Easy Ham and Cheese Pinwheels
Ingredients
- 2 sheets frozen puff pastry one 17.3 oz package, thawed overnight in fridge
- 3 tablespoons Dijon mustard divided
- 12 slices deli ham about 10 oz, thinly sliced
- 2 cups grated Gruyère or sharp cheddar cheese about 5 oz
- 2 tablespoons chopped fresh parsley for garnish
Instructions
- Lay one sheet of thawed puff pastry on a large sheet of plastic wrap. Use a rolling pin to roll it into a 10×12-inch rectangle.
- Spread 1 1⁄2 tablespoons of the Dijon mustard evenly over the pastry, leaving a 1⁄2-inch border.
- Layer 6 slices of deli ham on top, overlapping slightly. Sprinkle with 1 cup of the grated cheese.
- Starting from a long edge, roll up the pastry tightly into a log.
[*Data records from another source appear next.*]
(* Let $G^*=(V_L,V_R,E^* )$ be drawn uniformly from $\mathcal{G}_{m,n,s,t}$ (assumed nonempty), and let $F$ be a viable set of edges. (1) Let $u\in V_L$ with $\deg_F(u)<t$, and let $v$ be uniformly sampled from $N_{G^*}(u)\setminus N_F(u)$. Then $$\Pr_{G^*,v}\left[\deg_F(v)>0\ \middle|\ F\subseteq E^*\right]\le\frac{|\{x\in V_R:\deg_F(x)>0\}|}{|V_R|}.$$ (2) Let $u\in V_R$ with $\deg_F(u)<s$, and let $v$ be uniformly sampled from $N_{G^*}(u)\setminus N_F(u)$. Then $$\Pr_{G^*,v}\left[\deg_F(v)>0\ \middle|\ F\subseteq E^*\right]\le\frac{|\{x\in V_L:\deg_F(x)>0\}|}{|V_L|}.$$
   Context: $\mathcal{G}_{m,n,s,t}$ is the set of bipartite graphs on fixed vertex sets $V_L$ ($|V_L|=n$, each of degree $t$) and $V_R$ ($|V_R|=m$, each of degree $s$). For a set of edges $F\subseteq\binom{V_L\cup V_R}{2}$ and a vertex $v$, $N_F(v)=\{u:\{v,u\}\in F\}$ and $\deg_F(v)=|N_F(v)|$. $F$ is viable if $F\subseteq E(G)$ for some $G\in\mathcal{G}_{m,n,s,t}$. *)

From mathcomp Require Import all_boot all_order all_algebra.
Unset Printing Implicit Defensive.
Import Order.TTheory GRing.Theory Num.Theory.

(* V_L = 'I_n, V_R = 'I_m.  An edge {x,y} with x in V_L, y in V_R is the pair (x,y). *)
Definition edges (n m : nat) := {set 'I_n * 'I_m}.

Definition NL {n m} (F : edges n m) (x : 'I_n) : {set 'I_m} := [set y | (x, y) \in F].
Definition NR {n m} (F : edges n m) (y : 'I_m) : {set 'I_n} := [set x | (x, y) \in F].
Definition degL {n m} (F : edges n m) (x : 'I_n) : nat := #|NL F x|.
Definition degR {n m} (F : edges n m) (y : 'I_m) : nat := #|NR F y|.

Definition inGclass m n s t (G : edges n m) : bool :=
  [forall x, degL G x == t] && [forall y, degR G y == s].

Definition viable m n s t (F : edges n m) : Prop :=
  exists G : edges n m, inGclass m n s t G && (F \subset G).

(* Pr_{G*,v}[deg_F(v) > 0 | F ⊆ E*] for u in V_L, G* uniform in G_{m,n,s,t},
   v uniform in N_{G*}(u) \ N_F(u). *)
Local Open Scope ring_scope.
Definition condprobL m n s t (F : edges n m) (u : 'I_n) : rat :=
  (\sum_(G : edges n m | inGclass m n s t G && (F \subset G))
     ((#|[set v in NL G u :\: NL F u | (0 < degR F v)%N]|%:R)%R
        / #|NL G u :\: NL F u|%:R))
  / #|[set G : edges n m | inGclass m n s t G && (F \subset G)]|%:R.

Definition condprobR m n s t (F : edges n m) (u : 'I_m) : rat :=
  (\sum_(G : edges n m | inGclass m n s t G && (F \subset G))
     ((#|[set v in NR G u :\: NR F u | (0 < degL F v)%N]|%:R)%R
        / #|NR G u :\: NR F u|%:R))
  / #|[set G : edges n m | inGclass m n s t G && (F \subset G)]|%:R.

From mathcomp Require Import all_boot all_order all_algebra.
Import Order.TTheory GRing.Theory Num.Theory.

(* Fix u and, for y outside N_F(u), let f(y) count the completions G of F in the
   class with uy in G; the conditional probability is the share of the f(y) with
   deg_F(y) > 0 in the sum of all f(y).  If z has no F-edge then f(x) <= f(z): the
   2-switch ux, wz |-> uz, wx preserves all degrees, F and the common neighbourhood
   S of x and z, and for completions with common neighbourhood S, each one containing
   ux but not uz (resp. uz but not ux) admits exactly s - |S| vertices w to switch
   with, so double counting the switches compares the two families.  Hence f is
   smaller on vertices with an F-edge than on vertices without, so their share of
   the sum is at most their proportion in V_R.  The case u in V_R follows by transposing the graph. *)

Set Implicit Arguments.
Unset Strict Implicit.

Lemma sum_card_setI (T I : finType) (A : {set T}) (Q : T -> {set I}) (P : {set I}) :
  \sum_(a in A) #|Q a :&: P| = \sum_(i in P) #|[set a in A | i \in Q a]|.
Proof.
transitivity (\sum_(a in A) \sum_(i in P) (i \in Q a : nat)).
  apply: eq_bigr => a _; rewrite -sum1_card big_mkcond [RHS]big_mkcond /=.
  by apply: eq_bigr => i _; rewrite inE; case: (i \in P); rewrite ?andbT ?andbF.
rewrite exchange_big; apply: eq_bigr => i _.
rewrite -sum1_card big_mkcond [RHS]big_mkcond /=.
by apply: eq_bigr => a _; rewrite inE; case: (a \in A).
Qed.

Lemma sum_card_regular (T I : finType) (A : {set T}) (Q : T -> {set I}) k :
  {in A, forall a, #|Q a| = k} -> #|A| * k = \sum_i #|[set a in A | i \in Q a]|.
Proof.
move=> Qk; rewrite -sum_nat_const (eq_bigr (fun a => #|Q a :&: [set: I]|)).
  by rewrite sum_card_setI; apply: eq_bigl => i; rewrite inE.
by move=> a /Qk <-; rewrite setIT.
Qed.

Lemma leq_card_regular (T I : finType) (A B : {set T}) (QA QB : T -> {set I}) k :
  0 < k -> {in A, forall a, #|QA a| = k} -> {in B, forall b, #|QB b| = k} ->
  (forall i, #|[set a in A | i \in QA a]| <= #|[set b in B | i \in QB b]|) ->
  #|A| <= #|B|.
Proof.
move=> k_gt0 QAk QBk leAB; rewrite -(leq_pmul2r k_gt0).
by rewrite (sum_card_regular QAk) (sum_card_regular QBk) leq_sum.
Qed.

Lemma leq_card_fibers (T J : finType) (f : T -> J) (A B : {set T}) :
  (forall j, #|[set a in A | f a == j]| <= #|[set b in B | f b == j]|) ->
  #|A| <= #|B|.
Proof.
move=> leAB; rewrite -!sum1_card !(partition_big f xpredT) //=.
by apply: leq_sum => j _; rewrite !sum1dep_card.
Qed.

Lemma leq_card_setD (T : finType) (A B : {set T}) :
  #|A :\: B| <= #|B :\: A| -> #|A| <= #|B|.
Proof. by rewrite -(cardsID B A) -(cardsID A B) setIC leq_add2l. Qed.

Lemma leq_sum_mean (T : finType) (P : {set T}) (f : T -> nat) :
  (forall x z, x \in P -> z \notin P -> f x <= f z) ->
  (\sum_(x in P) f x) * #|T| <= #|P| * \sum_x f x.
Proof.
move=> le_f; rewrite -(cardsC P) [X in _ <= _ * X](bigID (mem P)) /= !mulnDr.
rewrite [_ * #|P|]mulnC leq_add2l big_distrl /= -sum_nat_const.
apply: leq_sum => x Px; rewrite mulnC -sum_nat_const big_mkcond [X in _ <= X]big_mkcond.
by apply: leq_sum => z _; rewrite inE; case: ifP => // zP; apply: le_f.
Qed.

Lemma card_swap (T : finType) (A : {set T}) x z :
  x \in A -> z \notin A -> #|[set y | (y \in A) (+) (y \in [set x; z])]| = #|A|.
Proof.
move=> xA zA; have -> : [set y | (y \in A) (+) (y \in [set x; z])] = z |: (A :\ x).
  apply/setP => y; rewrite !inE.
  by case: eqVneq => [->|_]; case: eqVneq => [->|_]; rewrite ?xA ?(negbTE zA) ?addbF.
by rewrite cardsU1 (cardsD1 x A) xA !inE negb_and zA orbT.
Qed.

Lemma ler_ratio_nat (R : numFieldType) (a b p q : nat) :
  0 < b -> 0 < q -> a * q <= p * b -> (a%:R / b%:R <= p%:R / q%:R :> R)%R.
Proof.
move=> b_gt0 q_gt0 le_aq.
by rewrite ler_pdivrMr ?ltr0n // mulrAC ler_pdivlMr ?ltr0n // -!natrM ler_nat.
Qed.

Definition switch {n m} (U : {set 'I_n}) (X : {set 'I_m}) (G : edges n m) : edges n m :=
  [set e | (e \in G) (+) (e \in setX U X)].

Section Switch.

Variables (n m : nat).
Implicit Types (G F : edges n m) (U : {set 'I_n}) (X : {set 'I_m}).

Lemma switchK U X : involutive (switch U X).
Proof. by move=> G; apply/setP => e; rewrite !inE addbK. Qed.

Lemma NL_switch G U X a :
  NL (switch U X G) a = if a \in U then [set y | (y \in NL G a) (+) (y \in X)] else NL G a.
Proof. by apply/setP => y; case: ifP => aU; rewrite !inE aU ?addbF. Qed.

Lemma NR_switch G U X b :
  NR (switch U X G) b = if b \in X then [set y | (y \in NR G b) (+) (y \in U)] else NR G b.
Proof. by apply/setP => y; case: ifP => bX; rewrite !inE bX ?andbT ?andbF ?addbF. Qed.

End Switch.

Section SwitchSquare.

Variables (n m : nat) (G : edges n m) (u w : 'I_n) (x z : 'I_m).
Hypotheses (Gux : (u, x) \in G) (Gwz : (w, z) \in G).
Hypotheses (Guz : (u, z) \notin G) (Gwx : (w, x) \notin G).

Local Notation G' := (switch [set u; w] [set x; z] G).

Lemma switch_square :
  [/\ (u, z) \in G', (w, x) \in G', (u, x) \notin G' & (w, z) \notin G'].
Proof. by rewrite !inE !eqxx ?orbT Gux Gwz (negbTE Guz) (negbTE Gwx). Qed.

Lemma degL_switch a : degL G' a = degL G a.
Proof.
rewrite /degL NL_switch in_set2; have [->|_] /= := eqVneq a u.
  by rewrite card_swap // inE.
have [->|_] //= := eqVneq a w.
by rewrite setUC card_swap // inE.
Qed.

Lemma degR_switch b : degR G' b = degR G b.
Proof.
rewrite /degR NR_switch in_set2; have [->|_] /= := eqVneq b x.
  by rewrite card_swap // inE.
have [->|_] //= := eqVneq b z.
by rewrite setUC card_swap // inE.
Qed.

Lemma common_nbr_switch : NR G' x :&: NR G' z = NR G x :&: NR G z.
Proof.
apply/setP => a; rewrite !inE !eqxx !orbT !andbT.
have [->|_] /= := eqVneq a u; first by rewrite Gux (negbTE Guz).
have [->|_] /= := eqVneq a w; first by rewrite Gwz (negbTE Gwx) andbF.
by rewrite !addbF.
Qed.

Lemma inGclass_switch s t : inGclass m n s t G' = inGclass m n s t G.
Proof.
rewrite /inGclass; congr andb; apply: eq_forallb => v.
  by rewrite degL_switch.
by rewrite degR_switch.
Qed.

Lemma subset_switch (F : edges n m) :
  F \subset G -> (u, x) \notin F -> (w, z) \notin F -> F \subset G'.
Proof.
move=> /subsetP FG Fux Fwz; apply/subsetP => -[a b] Fab; rewrite inE FG //=.
move: Fab; apply: contraL => /setXP[/set2P[]-> /set2P[]->] //.
  exact: contra (FG _) Guz.
exact: contra (FG _) Gwx.
Qed.

End SwitchSquare.

Definition completions m n s t (F : edges n m) : {set edges n m} :=
  [set G | inGclass m n s t G && (F \subset G)].

Lemma degL_inGclass m n s t (G : edges n m) a : inGclass m n s t G -> degL G a = t.
Proof. by case/andP=> /forallP/(_ a)/eqP. Qed.

Lemma degR_inGclass m n s t (G : edges n m) b : inGclass m n s t G -> degR G b = s.
Proof. by case/andP=> _ /forallP/(_ b)/eqP. Qed.

Section EdgeCount.

Variables (m n s t : nat) (F : edges n m) (u : 'I_n) (x z : 'I_m).
Hypotheses (Fux : (u, x) \notin F) (Fz : forall a, (a, z) \notin F).

Local Notation C := (completions s t F).

Lemma leq_card_switch_stratum (S : {set 'I_n}) :
  #|[set G in [set G in C | ((u, x) \in G) && ((u, z) \notin G)]
         | NR G x :&: NR G z == S]|
  <= #|[set G in [set G in C | ((u, z) \in G) && ((u, x) \notin G)]
            | NR G x :&: NR G z == S]|.
Proof.
set A := [set G in _ | _]; set B := [set G in _ | _].
have card_diff y y' G : inGclass m n s t G -> NR G y :&: NR G y' = S ->
    #|NR G y :\: NR G y'| = s - #|S|.
  by move=> /degR_inGclass dR <-; rewrite cardsD -[#|NR G y|]/(degR G y) dR.
have [->|[G0]] := set_0Vmem A; first by rewrite cards0.
rewrite !inE => /andP[/andP[/andP[G0S _] /andP[G0ux G0uz]] /eqP G0S'].
apply: (@leq_card_regular _ _ A B (fun G => NR G z :\: NR G x)
                                  (fun G => NR G x :\: NR G z) (s - #|S|)).
- rewrite -(card_diff x z G0) //.
  by apply/card_gt0P; exists u; rewrite !inE G0ux G0uz.
- move=> G; rewrite !inE => /andP[/andP[/andP[GS _] _] /eqP GS'].
  by rewrite card_diff // setIC.
- by move=> G; rewrite !inE => /andP[/andP[/andP[GS _] _] /eqP GS']; rewrite card_diff.
move=> w; rewrite -(card_imset _ (inv_inj (switchK [set u; w] [set x; z]))).
apply/subset_leq_card/subsetP => _ /imsetP[G + ->].
rewrite !inE => /andP[/andP[/andP[/andP[GS FG] /andP[Gux Guz]] GS'] /andP[Gwx Gwz]].
have := switch_square Gux Gwz Guz Gwx; rewrite !inE => -[-> -> /negbTE-> /negbTE->].
by rewrite inGclass_switch // GS subset_switch ?Fz // common_nbr_switch // GS'.
Qed.

Lemma leq_card_switch :
  #|[set G in C | ((u, x) \in G) && ((u, z) \notin G)]|
  <= #|[set G in C | ((u, z) \in G) && ((u, x) \notin G)]|.
Proof. exact: leq_card_fibers leq_card_switch_stratum. Qed.

Lemma leq_card_edge : #|[set G in C | (u, x) \in G]| <= #|[set G in C | (u, z) \in G]|.
Proof.
apply: leq_card_setD.
have setD_edge y y' : [set G in C | (u, y) \in G] :\: [set G in C | (u, y') \in G]
                      = [set G in C | ((u, y) \in G) && ((u, y') \notin G)].
  by apply/setP => G; rewrite !inE; case: (inGclass _ _ _ _ G && _) => //=; rewrite andbC.
by rewrite !setD_edge leq_card_switch.
Qed.

End EdgeCount.

Definition transpose {n m} (G : edges n m) : edges m n := [set e | (e.2, e.1) \in G].

Section Transpose.

Variables (n m : nat).
Implicit Types (F G : edges n m).

Lemma transposeK : cancel (@transpose n m) transpose.
Proof. by move=> G; apply/setP => -[a b]; rewrite !inE. Qed.

Lemma NL_transpose G y : NL (transpose G) y = NR G y.
Proof. by apply/setP => a; rewrite !inE. Qed.

Lemma NR_transpose G x : NR (transpose G) x = NL G x.
Proof. by apply/setP => b; rewrite !inE. Qed.

Lemma degL_transpose G y : degL (transpose G) y = degR G y.
Proof. by rewrite /degL NL_transpose. Qed.

Lemma degR_transpose G x : degR (transpose G) x = degL G x.
Proof. by rewrite /degR NR_transpose. Qed.

Lemma inGclass_transpose s t G : inGclass n m t s (transpose G) = inGclass m n s t G.
Proof.
rewrite /inGclass andbC; congr andb; apply: eq_forallb => v.
  by rewrite degR_transpose.
by rewrite degL_transpose.
Qed.

Lemma subset_transpose F G : (transpose F \subset transpose G) = (F \subset G).
Proof.
apply/subsetP/subsetP => FG [a b]; last by rewrite !inE => /FG.
by have := FG (b, a); rewrite !inE.
Qed.

End Transpose.

Local Open Scope ring_scope.

Lemma condprobL_le m n s t (F : edges n m) (u : 'I_n) :
  (degL F u < t)%N ->
  condprobL m n s t F u <= #|[set y : 'I_m | (0 < degR F y)%N]|%:R / #|'I_m|%:R.
Proof.
move=> lt_Fu_t; set P := [set y | _]; set K := (t - degL F u)%N.
rewrite /condprobL -/(completions s t F); set C := completions s t F.
pose D G := NL G u :\: NL F u.
pose f y := #|[set G in C | y \in D G]|.
have DK : {in C, forall G, #|D G| = K}.
  move=> G; rewrite inE => /andP[GS FG].
  have FGu : NL F u \subset NL G u by apply/subsetP => y; rewrite !inE; apply: (subsetP FG).
  by rewrite cardsD (setIidPr FGu) -[#|NL G u|]/(degL G u) (degL_inGclass _ GS).
have f_edge y : (u, y) \notin F -> f y = #|[set G in C | (u, y) \in G]|.
  by move=> Fuy; apply: eq_card => G; rewrite !inE (negbTE Fuy).
have f_le y y' : y \in P -> y' \notin P -> (f y <= f y')%N.
  move=> _ Py'; have Fy' a : (a, y') \notin F.
    by apply: contra Py' => Fay'; rewrite inE; apply/card_gt0P; exists a; rewrite inE.
  have [Fuy|Fuy] := boolP ((u, y) \in F); last by rewrite !f_edge ?leq_card_edge.
  rewrite /f (_ : [set G in C | y \in D G] = set0) ?cards0 //.
  by apply/setP => G; rewrite !inE Fuy andbF.
have [C0|C_gt0] := posnP #|C|; first by rewrite C0 invr0 mulr0 divr_ge0.
have m_gt0 : (0 < #|'I_m|)%N.
  case/card_gt0P: C_gt0 => G /DK DG_K.
  have /card_gt0P[y _] : (0 < #|D G|)%N by rewrite DG_K subn_gt0.
  by apply/card_gt0P; exists y.
rewrite (eq_bigr (fun G => #|D G :&: P|%:R / K%:R)); last first.
  by move=> G CG; rewrite setIdE DK // inE.
rewrite -mulr_suml -natr_sum (eq_bigl (mem C)); last by move=> G /=; rewrite inE.
rewrite sum_card_setI -mulrA -invfM -natrM ler_ratio_nat ?muln_gt0 ?subn_gt0 ?lt_Fu_t //.
by rewrite [(K * _)%N]mulnC (sum_card_regular DK) (leq_sum_mean f_le).
Qed.

Lemma condprobR_transpose m n s t (F : edges n m) u :
  condprobR m n s t F u = condprobL n m t s (transpose F) u.
Proof.
have tr_bij := Bijective (@transposeK m n) (@transposeK n m).
rewrite /condprobL /condprobR (reindex transpose (onW_bij _ tr_bij)) /=.
have in_completions_transpose (G : edges m n) :
    inGclass m n s t (transpose G) && (F \subset transpose G)
    = inGclass n m t s G && (transpose F \subset G).
  by rewrite -inGclass_transpose -subset_transpose !transposeK.
congr (_ / _%:R).
  apply: eq_big => [G|G _]; first exact: in_completions_transpose.
  by rewrite NR_transpose -NL_transpose; under eq_finset do rewrite -degR_transpose.
rewrite -!sum1_card (reindex transpose (onW_bij _ tr_bij)) /=.
by apply: eq_bigl => G; rewrite !inE in_completions_transpose.
Qed.

Theorem lemma4p4 (m n s t : nat) (F : edges n m) :
  (exists G : edges n m, inGclass m n s t G) ->
  viable m n s t F ->
  (forall u : 'I_n, (degL F u < t)%N ->
     condprobL m n s t F u
       <= #|[set x : 'I_m | (0 < degR F x)%N]|%:R / #|'I_m|%:R) /\
  (forall u : 'I_m, (degR F u < s)%N ->
     condprobR m n s t F u
       <= #|[set x : 'I_n | (0 < degL F x)%N]|%:R / #|'I_n|%:R).
Proof.
move=> _ _; split=> u lt_Fu; first exact: condprobL_le.
rewrite condprobR_transpose; under eq_finset do rewrite -degR_transpose.
by apply: condprobL_le; rewrite degL_transpose.
Qed.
Trim the ends so they are even. Wrap log in plastic and refrigerate for 20 minutes.
- Repeat process with second puff pastry sheet, remaining 1 1⁄2 tablespoons mustard, 6 slices ham and 1 cup cheese. Refrigerate log for 20 minutes.
- Preheat oven to 375°F. Line 2 baking sheets with parchment paper.
- Cut logs into 1⁄2-inch slices and place pinwheels cut-side up on the baking sheets, spaced 1-inch apart.
- Bake for 18 minutes, until puffed and golden brown.
- Remove from oven and immediately garnish with chopped parsley. Serve warm.